Woojung Chun: Library Installation as part of the 53rd Venice Biennale 

WOOJUNG CHUN: LIBRARY

28 October – 23 November 2011

‘The universe (which others call the Library) …’. Jorge Luis Borges, ‘The Library of Babel’

This installation by the Korean artist Woojung Chun presents an imagined library furnished with bookcases, cabinets and globes, all recognizable as symbols of a place where knowledge resides. Chun reveals her library as ‘a place of persistent search for elusive questions: unsolved theories, unexplained narratives and unresolved philosophical debates’. She has been inspired in part by Borges’ text, ‘The Library of Babel’, which compares the library to the universe as a repository for all knowledge and every individual truth.

Library is an on-going, evolving project: this new installation at England & Co includes three recent works shown at the Cairo Biennale earlier this year, together with new works incorporating video projection exhibited for the first time. James Putnam, who curated an installation of Chun’s Library at the Venice Biennale in 2009, describes how the objects displayed on the bookcases ‘are both meaningful and meaningless’, representing ‘a distillation of memories, accumulated information, ideas and interests – an ambiguous ever-growing and unbounded entity. Her library takes the form of enigmatic artefacts that… seem to possess a persistent force of memory that refuses to be forgotten, carrying histories, fictions, emotions and knowledge suspended in time.’

Displayed in a darkened space, the installation seems at first to be a library from a palatial house of a past era: although apparently furnished conventionally, further inspection reveals that there are no books in the bookcases and that the globes are not covered with maps of the world.

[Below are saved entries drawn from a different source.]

Lemma mdist_le_dim x y : mdist x y <= n%:R.
Proof.
by rewrite -[leRHS]mulr1; apply: mdist_le_coord => i; apply: dist_le1.
Qed.

Definition mcauchy u := forall eps : R, 0 < eps ->
  exists N : nat, forall m k, (N <= m)%N -> (N <= k)%N ->
    mdist (u m) (u k) < eps.

Definition mconverges u l := forall eps : R, 0 < eps ->
  exists N : nat, forall m, (N <= m)%N -> mdist (u m) l <= eps.

(* Each coordinate converges; a common index is the maximum of the finitely
   many coordinate indices. *)
Lemma mdist_complete {u} : mcauchy u -> exists l, mconverges u l.
Proof.
move=> cau_u.
have cau_coord i : forall eps : R, 0 < eps -> exists N : nat, forall m k,
    (N <= m)%N -> (N <= k)%N -> dist (u m i) (u k i) < eps.
  move=> eps /cau_u [N cauN]; exists N => m k Nm Nk.
  exact: le_lt_trans (dist_le_mdist _ _ i) (cauN m k Nm Nk).
have [l lim_l] := choice (fun i => dist_complete (cau_coord i)).
exists l => eps eps_gt0.
have eps'_gt0 : 0 < eps / n.+1%:R by rewrite divr_gt0.
have [N lim_N] := choice (fun i => lim_l i _ eps'_gt0).
exists (\max_i N i) => m le_m.
have : mdist (u m) l <= n%:R * (eps / n.+1%:R).
  apply: mdist_le_coord => i; apply/ltW/lim_N.
  exact: leq_trans (leq_bigmax i) le_m.
move/le_trans; apply.
by rewrite mulrA ler_pdivrMr // mulrC ler_wpM2l ?ler_nat // ltW.
Qed.

Lemma mdist_geometric_tail {u} {c : R} :
  (forall k, mdist (u k) (u k.+1) <= c / 2 ^+ k) ->
  forall k m, (k <= m)%N -> mdist (u k) (u m) <= 2 * c / 2 ^+ k.
Proof.
move=> step k m /subnKC <-.
have c_ge0 : 0 <= c.
  by have := step 0%N; rewrite expr0 divr1; apply: le_trans (mdist_ge0 _ _).
suff tail i :
    mdist (u k) (u (k + i)%N) <= 2 * c / 2 ^+ k - 2 * c / 2 ^+ (k + i).
  apply: le_trans (tail _) _; rewrite lerBlDr lerDl.
  by rewrite divr_ge0 ?exprn_ge0 ?mulr_ge0.
elim: i => [|i IH]; first by rewrite addn0 mdist_refl subrr.
rewrite addnS; apply: le_trans (mdist_tri _ (u (k + i)%N) _) _.
have halve : c / 2 ^+ (k + i) = 2 * c / 2 ^+ (k + i) - 2 * c / 2 ^+ (k + i).+1.
  by rewrite exprS; field; rewrite gt_eqF ?exprn_gt0.
have := step (k + i)%N; lra.
Qed.

Lemma geometric_mcauchy {u} {c : R} :
  (forall k, mdist (u k) (u k.+1) <= c / 2 ^+ k) -> mcauchy u.
Proof.
move=> step eps eps_gt0; have [N small] := geometric_lt (4 * c) _ eps_gt0.
exists N => m k Nm Nk; apply: le_lt_trans (mdist_tri _ (u N) _) _.
rewrite mdist_sym.
have := mdist_geometric_tail step _ _ Nm.
have := mdist_geometric_tail step _ _ Nk.
lra.
Qed.

Lemma mconverges_mdist_le {u l y} {c : R} (N : nat) : mconverges u l ->
  (forall m, (N <= m)%N -> mdist (u m) y <= c) -> mdist l y <= c.
Proof.
move=> lim_l le_c; apply/ler_addgt0Pr => eps /lim_l [K lim_K].
apply: le_trans (mdist_tri _ (u (maxn N K)) _) _.
by rewrite mdist_sym addrC lerD ?le_c ?lim_K ?leq_maxl ?leq_maxr.
Qed.
End ProductMetric.

Section ZeroSet.
Context {L : language} {M : structure L} {n : nat} {Pr : ('I_n -> M) -> R}.
Hypothesis Pr_ge0 : forall x, 0 <= Pr x.
Hypothesis Pr_lip : forall x y, Pr x - Pr y <= mdist x y.
Hypothesis inf_sup_ge0 : forall r s : R, 0 <= r -> 0 <= s ->
  0 <= inf [set sup [set s * Pr x - r * Pr y - s * mdist x y
                    | y in [set: 'I_n -> M]]
           | x in [set: 'I_n -> M]].

Lemma exists_small_within x (d : R) : 0 < d ->
  exists y, Pr y <= d /\ mdist x y <= Pr x + d.
Proof.
move=> d_gt0; pose r := (Pr x + d) / d.
have Pr_x := Pr_ge0 x.
have r_gt0 : 0 < r by rewrite divr_gt0 //; lra.
pose f z y := 1 * Pr z - r * Pr y - 1 * mdist z y.
have f_ub z : has_ubound [set f z y | y in [set: 'I_n -> M]].
  exists (Pr z) => _ [y _ <-]; rewrite /f.
  have := Pr_ge0 y; have := mdist_ge0 z y; nra.
have f_lb z : exists y, - r * (Pr x + n%:R) <= f z y.
  exists z; rewrite /f mdist_refl.
  have := Pr_lip z x; have := mdist_le_dim z x; have := Pr_ge0 z; nra.
have [y lt_y] :=
  inf_sup_ge0_witness f_ub f_lb (inf_sup_ge0 _ _ (ltW r_gt0) ler01) x _ d_gt0.
have Pr_y := Pr_ge0 y; have mdist_xy := mdist_ge0 x y.
exists y; split; last by rewrite /f in lt_y; nra.
have rd : r * d = Pr x + d by rewrite /r divfK ?gt_eqF.
have : r * Pr y <= r * d by rewrite /f in lt_y; lra.
by rewrite ler_pM2l.
Qed.

Lemma exists_zero_within x (e : R) : 0 < e ->
  exists l, Pr l = 0 /\ mdist x l <= Pr x + 5 * e.
Proof.
move=> e_gt0.
have rho_gt0 k : 0 < e / 2 ^+ k by rewrite divr_gt0 ?exprn_gt0.
have [f f_jump] := choice (fun kz : nat * ('I_n -> M) =>
  exists_small_within kz.2 _ (rho_gt0 kz.1)).
pose u := fix u k := if k is k'.+1 then f (k, u k') else f (0%N, x).
have Pr_u k : Pr (u k) <= e / 2 ^+ k.
  by case: k => [|k]; [case: (f_jump (0%N, x)) | case: (f_jump (k.+1, u k))].
have x_u0 : mdist x (u 0%N) <= Pr x + e.
  by case: (f_jump (0%N, x)) => _; rewrite expr0 divr1.
have step k : mdist (u k) (u k.+1) <= 2 * e / 2 ^+ k.
  case: (f_jump (k.+1, u k)) => _ /= le_u; apply: le_trans le_u _.
  have -> : e / 2 ^+ k.+1 = e / 2 ^+ k / 2.
    by rewrite exprS; field; rewrite gt_eqF ?exprn_gt0.
  have := Pr_u k; have := rho_gt0 k; lra.
have [l lim_l] := mdist_complete (geometric_mcauchy step).
have u_l k : mdist (u k) l <= 4 * e / 2 ^+ k.
  rewrite mdist_sym; apply: (mconverges_mdist_le k lim_l) => m km.
  by rewrite mdist_sym; have := mdist_geometric_tail step _ _ km; lra.
exists l; split.
  apply/le_anti; rewrite Pr_ge0 andbT; apply: (le0_geometric _ (5 * e)) => k.
  have := Pr_lip l (u k); have := Pr_u k; have := u_l k; rewrite mdist_sym; lra.
have := mdist_tri x (u 0%N) l; have := u_l 0%N; rewrite expr0 divr1; lra.
Qed.
End ZeroSet.

Theorem mainTheorem15 (L : language) (M : structure L) (n : nat)
  (Pr : ('I_n -> M) -> R) :
  extremally_aleph0_saturated M ->
  definable_pred Pr ->
  (forall x : 'I_n -> M, 0 <= Pr x) ->
  (forall x y : 'I_n -> M, Pr x - Pr y <= mdist x y) ->
  (forall r s : R, 0 <= r -> 0 <= s ->
     0 <= inf [set sup [set s * Pr x - r * Pr y - s * mdist x y
                       | y in [set: 'I_n -> M]]
              | x in [set: 'I_n -> M]]) ->
  (exists a : 'I_n -> M, Pr a = 0) /\
  (forall x : 'I_n -> M, Pr x = dist_to_set x [set a | Pr a = 0]).
Proof.
move=> _ _ Pr_ge0 Pr_lip inf_sup_ge0.
have zero_within := exists_zero_within Pr_ge0 Pr_lip inf_sup_ge0.
have [m0] := carrier_inhabited M.
have [a [Pa0 _]] := zero_within (fun=> m0) 1 ltr01.
split; first by exists a.
move=> x; apply/le_anti/andP; split.
  apply: lb_le_inf; first by exists (mdist x a), a.
  by move=> _ [y Py0 <-]; have := Pr_lip x y; rewrite Py0 subr0.
apply/ler_addgt0Pr => d d_gt0.
have [l [Pl0 le_l]] := zero_within x (d / 5) (divr_gt0 d_gt0 (ltr0n _ 5)).
rewrite mulrC divfK ?pnatr_eq0 // in le_l.
apply: le_trans le_l; apply: ge_inf; last by exists l.
by exists 0 => _ [y _ <-]; apply: mdist_ge0.
Qed.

The dark wooden bookcases are meticulously crafted cabinets containing arcane and intriguing objects and tableaux, often surrealist in spirit. One cabinet contains repeated photographs of faces with mouths swallowing an endless string of letters and numbers; another has a chest of drawers with roots growing from its base. Others contains a puzzling, complex construction of boxes, strings and pulleys, or are inscribed with diagrammatic, alchemical drawings. A naked figure, curled up seemingly asleep, inhabits one cabinet; while brass implements of quasi-scientific origin are displayed in another case. The two globes stand among the bookcases, one representing the life of nature with beings moving and floating across the earth’s surface, while the other represents a kind of labyrinth of life with raised markings suggesting routes across a dark universe.

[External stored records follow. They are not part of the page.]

(* Let $\beta>0$ and $N\in\mathbb{N}$. Define $W:[0,\infty)\to\mathbb{R}$ by $W(y)=\log(4y^2+1)-y\arctan(2y)$ and, for real $t$, $$P_{N,\beta}(t)=\prod_{j=1}^{N-1}\prod_{k=1}^{\lfloor j\beta/2\rfloor}\frac{\big(1+it+\frac{j\beta}{2}-k\big)\big(1+\frac{j\beta}{2}-k\big)}{\big(1+\frac{it}{2}+\frac{j\beta}{2}-k\big)^2},$$ where an empty product equals $1$. Let $c_3=\frac{\beta/8-1}{2N}+\frac38\beta+\frac32$. Then for $|t|\geq(N-1)\beta/2$, $$|P_{N,\beta}(t)|^2\leq\exp\Big(-\frac{1}{2\beta}t^2\,W\Big(\frac{N\beta}{2|t|}\Big)\Big)\exp(2c_3N).$$
   Context: $\lfloor x\rfloor$ denotes the integer part of $x$. *)

From Stdlib Require Import Reals ZArith.
From Coquelicot Require Import Coquelicot.
Open Scope R_scope.

(* floor of a real, as an integer: Int_part x = up x - 1 = floor x *)
Definition floorR (x : R) : Z := Int_part x.

Definition W (y : R) : R := ln (4 * y ^ 2 + 1) - y * atan (2 * y).

Fixpoint prodC (n : nat) (f : nat -> C) : C :=
  match n with
  | O => 1%C
  | S m => Cmult (prodC m f) (f (S m))
  end.

Definition Pfactor (beta t : R) (j k : nat) : C :=
  let a : R := 1 + INR j * beta / 2 - INR k in
  let h : R := t / 2 in
  Cdiv (Cmult (Cplus (RtoC a) (0, t)) (RtoC a))
       (Cmult (Cplus (RtoC a) (0, h)) (Cplus (RtoC a) (0, h))).

Definition P (N : nat) (beta t : R) : C :=
  prodC (N - 1)%nat (fun j =>
    prodC (Z.to_nat (floorR (INR j * beta / 2))) (fun k => Pfactor beta t j k)).

Definition c3 (N : nat) (beta : R) : R :=
  (beta / 8 - 1) / (2 * INR N) + 3 / 8 * beta + 3 / 2.

From Stdlib Require Import Reals ZArith Lra Lia Psatz.
From Coquelicot Require Import Coquelicot.
Open Scope R_scope.

(* Each factor of P has squared modulus 1 + psi(|t|, a) with a = 1 + jβ/2 - k,
   and log(1 + psi) <= psi.  With T = |t|, psi(T, ·) has the primitive Psi1
   and Psi1 has the primitive Psi2(x) = -(T^2/4) W(x/T).  Since psi and Psi1
   are Lipschitz, the sum over k is an endpoint Riemann sum, bounded by
   Psi1(jβ/2) up to O(1 + j/T), and the sum over j is a midpoint Riemann sum,
   bounded by (2/β) Psi2(Nβ/2) up to O(N); the hypothesis |t| >= (N-1)β/2
   makes the accumulated error terms linear in N. *)

Lemma exp_monotone x y : x <= y -> exp x <= exp y.
Proof. intros [Hlt | ->]; [now left; apply exp_increasing | lra]. Qed.

Lemma MVT_derive (f df : R -> R) (a b : R) :
  (forall x, is_derive f x (df x)) ->
  exists c, Rmin a b <= c <= Rmax a b /\ f b - f a = df c * (b - a).
Proof.
  intros Hf. apply MVT_gen; [intros; apply Hf |].
  intros x _. apply derivable_continuous_pt.
  exists (df x). apply is_derive_Reals, Hf.
Qed.

Lemma lipschitz_of_derive_bounded (f df : R -> R) (L a b : R) :
  (forall x, is_derive f x (df x)) -> (forall x, Rabs (df x) <= L) ->
  Rabs (f b - f a) <= L * Rabs (b - a).
Proof.
  intros Hf HL. destruct (MVT_derive f df a b Hf) as [c [_ ->]].
  rewrite Rabs_mult. apply Rmult_le_compat_r; [apply Rabs_pos | apply HL].
Qed.

Lemma increment_ge_of_derive (f g : R -> R) (a b x e : R) :
  (forall y, is_derive f y (g y)) -> a <= b ->
  (forall c, a <= c <= b -> g x - g c <= e) ->
  (b - a) * g x <= f b - f a + (b - a) * e.
Proof.
  intros Hf Hab He. destruct (MVT_derive f g a b Hf) as [c [Hc ->]].
  rewrite Rmin_left, Rmax_right in Hc by lra.
  specialize (He c Hc). nra.
Qed.

Lemma Cmod_prodC_sq_le_telescope n (f : nat -> C) (G : nat -> R) :
  (forall k, (k < n)%nat -> Cmod (f (S k)) ^ 2 <= exp (G (S k) - G k)) ->
  Cmod (prodC n f) ^ 2 <= exp (G n - G O).
Proof.
  induction n as [| n IH]; intros Hf; simpl prodC.
  - rewrite Cmod_1, Rminus_diag, exp_0. lra.
  - rewrite Cmod_mult, Rpow_mult_distr.
    replace (G (S n) - G O) with ((G n - G O) + (G (S n) - G n)) by ring.
    rewrite exp_plus. apply Rmult_le_compat; try apply pow2_ge_0.
    + apply IH. intros k Hk. apply Hf. lia.
    + apply Hf. lia.
Qed.

Lemma floorR_to_nat_spec s : 0 <= s ->
  INR (Z.to_nat (floorR s)) <= s < INR (Z.to_nat (floorR s)) + 1.
Proof.
  intros Hs. unfold floorR. destruct (base_Int_part s) as [Hlo Hhi].
  assert (Hpos : (0 <= Int_part s)%Z).
  { apply Z.lt_pred_le, lt_IZR. simpl. lra. }
  rewrite INR_IZR_INZ, Z2Nat.id by exact Hpos. lra.
Qed.

Lemma W_0 : W 0 = 0.
Proof.
  unfold W. rewrite Rmult_0_r, atan_0.
  replace (4 * 0 ^ 2 + 1) with 1 by ring. rewrite ln_1. ring.
Qed.

(* [Pfactor beta t j k] is convertible to [ratio (1 + INR j * beta / 2 - INR k) t]. *)
Definition ratio (a t : R) : C :=
  Cdiv (Cmult (Cplus (RtoC a) (0, t)) (RtoC a))
       (Cmult (Cplus (RtoC a) (0, t / 2)) (Cplus (RtoC a) (0, t / 2))).

Definition psi (T x : R) : R := T ^ 2 * (8 * x ^ 2 - T ^ 2) / (T ^ 2 + 4 * x ^ 2) ^ 2.
Definition dpsi (T x : R) : R := 32 * x * T ^ 2 * (T ^ 2 - 2 * x ^ 2) / (T ^ 2 + 4 * x ^ 2) ^ 3.
Definition Psi1 (T x : R) : R := T / 4 * atan (2 * x / T) - 3 / 2 * x * T ^ 2 / (4 * x ^ 2 + T ^ 2).
Definition Psi2 (T x : R) : R := - (T ^ 2 / 4) * W (x / T).

Lemma Cmod_ratio_sq a t : a <> 0 -> Cmod (ratio a t) ^ 2 = 1 + psi (Rabs t) a.
Proof.
  intros Ha. unfold ratio, psi. rewrite pow2_abs.
  assert (Ha2 : 0 < a ^ 2) by (apply pow2_gt_0; exact Ha).
  assert (Hden : Cplus (RtoC a) (0, t / 2) <> 0%C).
  { intros E. apply (f_equal Re) in E. simpl in E. lra. }
  rewrite Cmod_div by (apply Cmult_neq_0; exact Hden).
  rewrite !Cmod_mult. unfold Rdiv.
  rewrite Rpow_mult_distr, pow_inv, !Rpow_mult_distr, !Cmod2_alt.
  simpl Re; simpl Im.
  field. nra.
Qed.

Woojung Chun was born in Seoul in 1976, and currently lives and works in the UK. Library was first shown as a solo installation as part of the 53rd International Art Exhibition – La Biennale di Venezia in 2009; and she also took part in the 12th International Cairo Biennale in early 2011. Previous exhibitions include Good Morning Mr Nam June Paik at the Korean Cultural Centre UK (2008); Lessons of Embodiment (part of Escrita na Paisagem) at the Biblioteca Municipal de Montemor-o-Novo, Portugal (2009); and Biblioteket at Luftskipet, Fjell Gard, Norway (2010).